§ **Data records**:
Lemma eval_col_indep p S : VP p -> col_indep (eval_mx M p) S -> Ind S.
Proof.
move=> pV rS; apply/M_rep.
have : (#|S| <= \rank (colsubset (eval_mx M p) S))%N by rewrite rS.
case/rank_exists_minor => f [g [_ _]]; rewrite colsubset_eval_mx minor_eval_mx => fg0.
apply/eqP; rewrite eqn_leq rank_leq_col (minor_neq0_rank (f := f) (g := g)) //.
by rewrite colsubset_frac_mx minor_frac_mx toFrac_eq0; apply: contra fg0 => /pV ->.
Qed.

Lemma represents_eval p : VP p ->
  represents (eval_mx M p) Ind <-> forall B, isB B -> col_indep (eval_mx M p) (~: B).
Proof.
move=> pV; split=> [rep B Bb|rep S]; first exact/rep/dual_indep_setC.
split; first exact: eval_col_indep.
by case=> B [Bb SB]; apply: col_indep_sub SB (rep B Bb).
Qed.

Lemma col_indep_setC_rank p B : isB B ->
  col_indep (eval_mx M p) (~: B) <->
  (n - d <= \rank (colsubset (eval_mx M p) (~: B)))%N.
Proof.
move=> Bb; rewrite /col_indep -(card_setC_basis Bb).
split=> [->//|rk]; apply/eqP; rewrite eqn_leq rk andbT.
exact: rank_leq_col.
Qed.

Definition nonzero_mod_P S := ~ (forall h, Imin S h -> h \in P).

Lemma nonzero_mod_PP S : nonzero_mod_P S <->
  exists (f : {ffun 'I_(n - d) -> 'I_m}) (g : {ffun 'I_(n - d) -> 'I_#|S|}),
    [/\ increasing f, increasing g & minor (colsubset M S) f g \notin P].
Proof.
split=> [SP|[f [g [fi gi fgP]]] SP]; last first.
  by apply: (negP fgP); apply: SP; apply: minor_ideal_minor.
apply: contrapT => noMinor; apply: SP => h.
apply: (minor_ideal_ind (Q := fun x => x \in P)).
- exact: rpred0.
- by move=> x y; apply: rpredD.
- by move=> x y; apply: idealMr.
move=> f g fi gi; apply: contrapT => /negP fgP.
by apply: noMinor; exists f, g.
Qed.

Lemma nonzero_mod_P_setC B : isB B -> nonzero_mod_P (~: B).
Proof.
move=> Bb; apply/nonzero_mod_PP.
have : (n - d <= \rank (colsubset MK (~: B)))%N.
  by rewrite -(card_setC_basis Bb); have /M_rep -> := dual_indep_setC Bb.
case/rank_exists_minor => f [g [fi gi]]; rewrite colsubset_frac_mx minor_frac_mx.
by rewrite toFrac_eq0 => fgP; exists f, g.
Qed.

Definition basis_minor_ideal g := forall B, isB B -> Imin (~: B) g.
Definition nonzero_minor_ideal g := forall S, nonzero_mod_P S -> Imin S g.

Lemma nonmatroidal_basis p : VP p -> ~ represents (eval_mx M p) Ind ->
  exists2 B, isB B & (\rank (colsubset (eval_mx M p) (~: B)) < n - d)%N.
Proof.
move=> pV /(contra_not (proj2 (represents_eval pV))) /existsNP [B].
move/not_implyP => [Bb NBi]; exists B => //; rewrite ltnNge; apply/negP => rk.
exact/NBi/(col_indep_setC_rank _ Bb).
Qed.

Theorem nonmatroidal_locus_basis p :
  (VP p /\ ~ represents (eval_mx M p) Ind) <-> (VP p /\ vanishes basis_minor_ideal p).
Proof.
split=> -[pV NMp]; split=> //.
  move=> g gI; have [B Bb rk] := nonmatroidal_basis pV NMp.
  by apply: minor_ideal_eval_vanish (gI B Bb); rewrite -colsubset_eval_mx.
move=> rep; have [G GI] : exists2 G, basis_minor_ideal G & G.@[p] != 0.
  apply: (prod_nonvanishing (phi := meval p) (Q := isB) (I := fun B => Imin (~: B))).
    by move=> B _ g h; apply: minor_idealMl.
  move=> B Bb; apply: minor_ideal_eval_nonvanishing.
  rewrite -colsubset_eval_mx -col_indep_setC_rank //.
  exact: (proj1 (represents_eval pV) rep).
by rewrite (NMp _ GI) eqxx.
Qed.

Theorem nonmatroidal_locus_nonzero p :
  (VP p /\ ~ represents (eval_mx M p) Ind) <-> (VP p /\ vanishes nonzero_minor_ideal p).
Proof.
split=> -[pV NMp]; split=> //.
  move=> g gI; have [B Bb rk] := nonmatroidal_basis pV NMp.
  apply: minor_ideal_eval_vanish (gI _ (nonzero_mod_P_setC Bb)).
  by rewrite -colsubset_eval_mx.
move=> rep; have [G GI] : exists2 G, nonzero_minor_ideal G & G.@[p] != 0.
  apply: (prod_nonvanishing (phi := meval p) (Q := nonzero_mod_P) (I := fun S => Imin S)).
    by move=> S _ g h; apply: minor_idealMl.
  move=> S /nonzero_mod_PP [f [g [_ _ fgP]]]; apply: minor_ideal_eval_nonvanishing.
  have : minor (colsubset MK S) f g != 0.
    by rewrite colsubset_frac_mx minor_frac_mx toFrac_eq0.
  case/minor_neq0_rank/col_indep_exists => T [TS /M_rep /rep TP <-].
  by rewrite -colsubset_eval_mx -TP rank_colsubsetS.
by rewrite (NMp _ GI) eqxx.
Qed.

End NonMatroidalLocus.

(** * Maximal minors *)

Section IncreasingMaps.
Variables (r c : nat) (f : {ffun 'I_r -> 'I_c}).
Hypothesis f_incr : increasing f.

Lemma increasing_mono (i j : 'I_r) : (i < j)%N -> (f i < f j)%N.
Proof. exact: implyP (forallP (forallP f_incr i) j). Qed.

Lemma increasing_inj : injective f.
Proof.
move=> i j fij; apply: val_inj; case: (ltngtP i j) => // ij;
  by have := increasing_mono ij; rewrite fij ltnn.
Qed.

Definition image_set : {set 'I_c} := [set f i | i in 'I_r].

Lemma card_image_set : #|image_set| = r.
Proof. by rewrite card_imset ?card_ord //; apply: increasing_inj. Qed.

Lemma enum_image_set : enum image_set = map f (enum 'I_r).
Proof.
apply: (@irr_sorted_eq _ (fun x y : 'I_c => (x < y)%N)).
- by move=> x y z; apply: ltn_trans.
- by move=> x; rewrite ltnn.
- exact: sorted_enum_ord_set.
- rewrite sorted_map; have := sorted_enum_ord_set [set: 'I_r].
  have -> : enum [set: 'I_r] = enum 'I_r by apply: eq_enum => x; rewrite inE.
  by apply: sub_sorted => x y; apply: increasing_mono.
move=> x; rewrite mem_enum; apply/imsetP/mapP => -[i _ ->]; exists i => //.
by rewrite mem_enum.
Qed.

§ **Aim of the task**: Set down each entry exactly, leaving none out.

§ **Written response**:
Lemma eval_col_indep p S : VP p -> col_indep (eval_mx M p) S -> Ind S.
Proof.
move=> pV rS; apply/M_rep.
have : (#|S| <= \rank (colsubset (eval_mx M p) S))%N by rewrite rS.
case/rank_exists_minor => f [g [_ _]]; rewrite colsubset_eval_mx minor_eval_mx => fg0.
apply/eqP; rewrite eqn_leq rank_leq_col (minor_neq0_rank (f := f) (g := g)) //.
by rewrite colsubset_frac_mx minor_frac_mx toFrac_eq0; apply: contra fg0 => /pV ->.
Qed.

Lemma represents_eval p : VP p ->
  represents (eval_mx M p) Ind <-> forall B, isB B -> col_indep (eval_mx M p) (~: B).
Proof.
move=> pV; split=> [rep B Bb|rep S]; first exact/rep/dual_indep_setC.
split; first exact: eval_col_indep.
by case=> B [Bb SB]; apply: col_indep_sub SB (rep B Bb).
Qed.

Lemma col_indep_setC_rank p B : isB B ->
  col_indep (eval_mx M p) (~: B) <->
  (n - d <= \rank (colsubset (eval_mx M p) (~: B)))%N.
Proof.
move=> Bb; rewrite /col_indep -(card_setC_basis Bb).
split=> [->//|rk]; apply/eqP; rewrite eqn_leq rk andbT.
exact: rank_leq_col.
Qed.

Definition nonzero_mod_P S := ~ (forall h, Imin S h -> h \in P).

Lemma nonzero_mod_PP S : nonzero_mod_P S <->
  exists (f : {ffun 'I_(n - d) -> 'I_m}) (g : {ffun 'I_(n - d) -> 'I_#|S|}),
    [/\ increasing f, increasing g & minor (colsubset M S) f g \notin P].
Proof.
split=> [SP|[f [g [fi gi fgP]]] SP]; last first.
  by apply: (negP fgP); apply: SP; apply: minor_ideal_minor.
apply: contrapT => noMinor; apply: SP => h.
apply: (minor_ideal_ind (Q := fun x => x \in P)).
- exact: rpred0.
- by move=> x y; apply: rpredD.
- by move=> x y; apply: idealMr.
move=> f g fi gi; apply: contrapT => /negP fgP.
by apply: noMinor; exists f, g.
Qed.

Lemma nonzero_mod_P_setC B : isB B -> nonzero_mod_P (~: B).
Proof.
move=> Bb; apply/nonzero_mod_PP.
have : (n - d <= \rank (colsubset MK (~: B)))%N.
  by rewrite -(card_setC_basis Bb); have /M_rep -> := dual_indep_setC Bb.
case/rank_exists_minor => f [g [fi gi]]; rewrite colsubset_frac_mx minor_frac_mx.
by rewrite toFrac_eq0 => fgP; exists f, g.
Qed.

Definition basis_minor_ideal g := forall B, isB B -> Imin (~: B) g.
Definition nonzero_minor_ideal g := forall S, nonzero_mod_P S -> Imin S g.

Lemma nonmatroidal_basis p : VP p -> ~ represents (eval_mx M p) Ind ->
  exists2 B, isB B & (\rank (colsubset (eval_mx M p) (~: B)) < n - d)%N.
Proof.
move=> pV /(contra_not (proj2 (represents_eval pV))) /existsNP [B].
move/not_implyP => [Bb NBi]; exists B => //; rewrite ltnNge; apply/negP => rk.
exact/NBi/(col_indep_setC_rank _ Bb).
Qed.

Theorem nonmatroidal_locus_basis p :
  (VP p /\ ~ represents (eval_mx M p) Ind) <-> (VP p /\ vanishes basis_minor_ideal p).
Proof.
split=> -[pV NMp]; split=> //.
  move=> g gI; have [B Bb rk] := nonmatroidal_basis pV NMp.
  by apply: minor_ideal_eval_vanish (gI B Bb); rewrite -colsubset_eval_mx.
move=> rep; have [G GI] : exists2 G, basis_minor_ideal G & G.@[p] != 0.
  apply: (prod_nonvanishing (phi := meval p) (Q := isB) (I := fun B => Imin (~: B))).
    by move=> B _ g h; apply: minor_idealMl.
  move=> B Bb; apply: minor_ideal_eval_nonvanishing.
  rewrite -colsubset_eval_mx -col_indep_setC_rank //.
  exact: (proj1 (represents_eval pV) rep).
by rewrite (NMp _ GI) eqxx.
Qed.

Theorem nonmatroidal_locus_nonzero p :
  (VP p /\ ~ represents (eval_mx M p) Ind) <-> (VP p /\ vanishes nonzero_minor_ideal p).
Proof.
split=> -[pV NMp]; split=> //.
  move=> g gI; have [B Bb rk] := nonmatroidal_basis pV NMp.
  apply: minor_ideal_eval_vanish (gI _ (nonzero_mod_P_setC Bb)).
  by rewrite -colsubset_eval_mx.
move=> rep; have [G GI] : exists2 G, nonzero_minor_ideal G & G.@[p] != 0.
  apply: (prod_nonvanishing (phi := meval p) (Q := nonzero_mod_P) (I := fun S => Imin S)).
    by move=> S _ g h; apply: minor_idealMl.
  move=> S /nonzero_mod_PP [f [g [_ _ fgP]]]; apply: minor_ideal_eval_nonvanishing.
  have : minor (colsubset MK S) f g != 0.
    by rewrite colsubset_frac_mx minor_frac_mx toFrac_eq0.
  case/minor_neq0_rank/col_indep_exists => T [TS /M_rep /rep TP <-].
  by rewrite -colsubset_eval_mx -TP rank_colsubsetS.
by rewrite (NMp _ GI) eqxx.
Qed.

End NonMatroidalLocus.

(** * Maximal minors *)

Section IncreasingMaps.
Variables (r c : nat) (f : {ffun 'I_r -> 'I_c}).
Hypothesis f_incr : increasing f.

Lemma increasing_mono (i j : 'I_r) : (i < j)%N -> (f i < f j)%N.
Proof. exact: implyP (forallP (forallP f_incr i) j). Qed.

Lemma increasing_inj : injective f.
Proof.
move=> i j fij; apply: val_inj; case: (ltngtP i j) => // ij;
  by have := increasing_mono ij; rewrite fij ltnn.
Qed.

Definition image_set : {set 'I_c} := [set f i | i in 'I_r].

Lemma card_image_set : #|image_set| = r.
Proof. by rewrite card_imset ?card_ord //; apply: increasing_inj. Qed.

Lemma enum_image_set : enum image_set = map f (enum 'I_r).
Proof.
apply: (@irr_sorted_eq _ (fun x y : 'I_c => (x < y)%N)).
- by move=> x y z; apply: ltn_trans.
- by move=> x; rewrite ltnn.
- exact: sorted_enum_ord_set.
- rewrite sorted_map; have := sorted_enum_ord_set [set: 'I_r].
  have -> : enum [set: 'I_r] = enum 'I_r by apply: eq_enum => x; rewrite inE.
  by apply: sub_sorted => x y; apply: increasing_mono.
move=> x; rewrite mem_enum; apply/imsetP/mapP => -[i _ ->]; exists i => //.
by rewrite mem_enum.
Qed.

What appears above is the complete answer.